• Exercise goal: Every line from the one with "rewrite !inE => /orP [] /eqP eqY." through the final line of the entries below should be returned exactly; leave out all other lines.

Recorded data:
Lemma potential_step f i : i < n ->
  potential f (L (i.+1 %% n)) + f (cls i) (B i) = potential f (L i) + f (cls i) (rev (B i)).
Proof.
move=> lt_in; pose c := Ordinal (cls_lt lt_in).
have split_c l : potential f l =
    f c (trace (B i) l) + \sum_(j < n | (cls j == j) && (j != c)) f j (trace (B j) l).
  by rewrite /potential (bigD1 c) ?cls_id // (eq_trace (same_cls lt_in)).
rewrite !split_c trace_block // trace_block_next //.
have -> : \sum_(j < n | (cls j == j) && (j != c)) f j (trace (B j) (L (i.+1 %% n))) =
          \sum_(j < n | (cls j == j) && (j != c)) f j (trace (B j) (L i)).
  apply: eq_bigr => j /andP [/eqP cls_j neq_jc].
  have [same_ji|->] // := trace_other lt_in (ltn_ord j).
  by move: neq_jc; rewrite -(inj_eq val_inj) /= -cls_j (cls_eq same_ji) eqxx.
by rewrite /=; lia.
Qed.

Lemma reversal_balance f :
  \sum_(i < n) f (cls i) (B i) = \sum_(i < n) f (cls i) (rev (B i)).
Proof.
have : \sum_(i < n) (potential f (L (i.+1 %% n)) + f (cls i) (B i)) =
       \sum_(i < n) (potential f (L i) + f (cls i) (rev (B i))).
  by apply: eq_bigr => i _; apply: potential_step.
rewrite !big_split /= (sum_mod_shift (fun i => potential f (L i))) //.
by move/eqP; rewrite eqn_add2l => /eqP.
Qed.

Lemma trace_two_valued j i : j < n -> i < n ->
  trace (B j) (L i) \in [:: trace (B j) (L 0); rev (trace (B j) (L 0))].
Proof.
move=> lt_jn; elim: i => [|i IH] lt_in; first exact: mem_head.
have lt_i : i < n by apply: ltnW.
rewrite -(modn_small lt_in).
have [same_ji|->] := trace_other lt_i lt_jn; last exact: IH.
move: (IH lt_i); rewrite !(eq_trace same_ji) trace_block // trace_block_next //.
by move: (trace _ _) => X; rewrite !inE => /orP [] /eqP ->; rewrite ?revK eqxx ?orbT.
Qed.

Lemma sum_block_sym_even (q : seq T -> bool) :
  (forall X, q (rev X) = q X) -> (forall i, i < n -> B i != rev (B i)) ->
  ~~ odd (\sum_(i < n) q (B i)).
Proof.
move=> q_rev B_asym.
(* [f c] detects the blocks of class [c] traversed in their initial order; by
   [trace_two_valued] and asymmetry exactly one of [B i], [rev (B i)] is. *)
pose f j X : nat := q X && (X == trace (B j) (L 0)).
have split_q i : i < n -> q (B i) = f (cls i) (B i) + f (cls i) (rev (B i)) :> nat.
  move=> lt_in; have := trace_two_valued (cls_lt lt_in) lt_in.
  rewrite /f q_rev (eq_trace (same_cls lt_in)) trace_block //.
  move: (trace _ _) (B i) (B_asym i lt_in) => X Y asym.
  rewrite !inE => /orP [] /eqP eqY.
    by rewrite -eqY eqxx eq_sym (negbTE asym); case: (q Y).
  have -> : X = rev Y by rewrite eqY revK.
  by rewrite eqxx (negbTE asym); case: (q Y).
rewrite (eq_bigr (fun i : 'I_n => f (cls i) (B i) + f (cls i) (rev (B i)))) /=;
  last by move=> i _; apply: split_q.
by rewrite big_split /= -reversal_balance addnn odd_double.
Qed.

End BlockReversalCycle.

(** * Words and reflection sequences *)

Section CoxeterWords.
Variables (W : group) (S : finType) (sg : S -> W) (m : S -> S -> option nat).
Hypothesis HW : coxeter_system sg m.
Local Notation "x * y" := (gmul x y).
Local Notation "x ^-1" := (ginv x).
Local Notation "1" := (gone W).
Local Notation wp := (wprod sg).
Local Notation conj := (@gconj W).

• Answer to the problem:
  rewrite !inE => /orP [] /eqP eqY.
    by rewrite -eqY eqxx eq_sym (negbTE asym); case: (q Y).
  have -> : X = rev Y by rewrite eqY revK.
  by rewrite eqxx (negbTE asym); case: (q Y).
rewrite (eq_bigr (fun i : 'I_n => f (cls i) (B i) + f (cls i) (rev (B i)))) /=;
  last by move=> i _; apply: split_q.
by rewrite big_split /= -reversal_balance addnn odd_double.
Qed.

End BlockReversalCycle.

(** * Words and reflection sequences *)

Section CoxeterWords.
Variables (W : group) (S : finType) (sg : S -> W) (m : S -> S -> option nat).
Hypothesis HW : coxeter_system sg m.
Local Notation "x * y" := (gmul x y).
Local Notation "x ^-1" := (ginv x).
Local Notation "1" := (gone W).
Local Notation wp := (wprod sg).
Local Notation conj := (@gconj W).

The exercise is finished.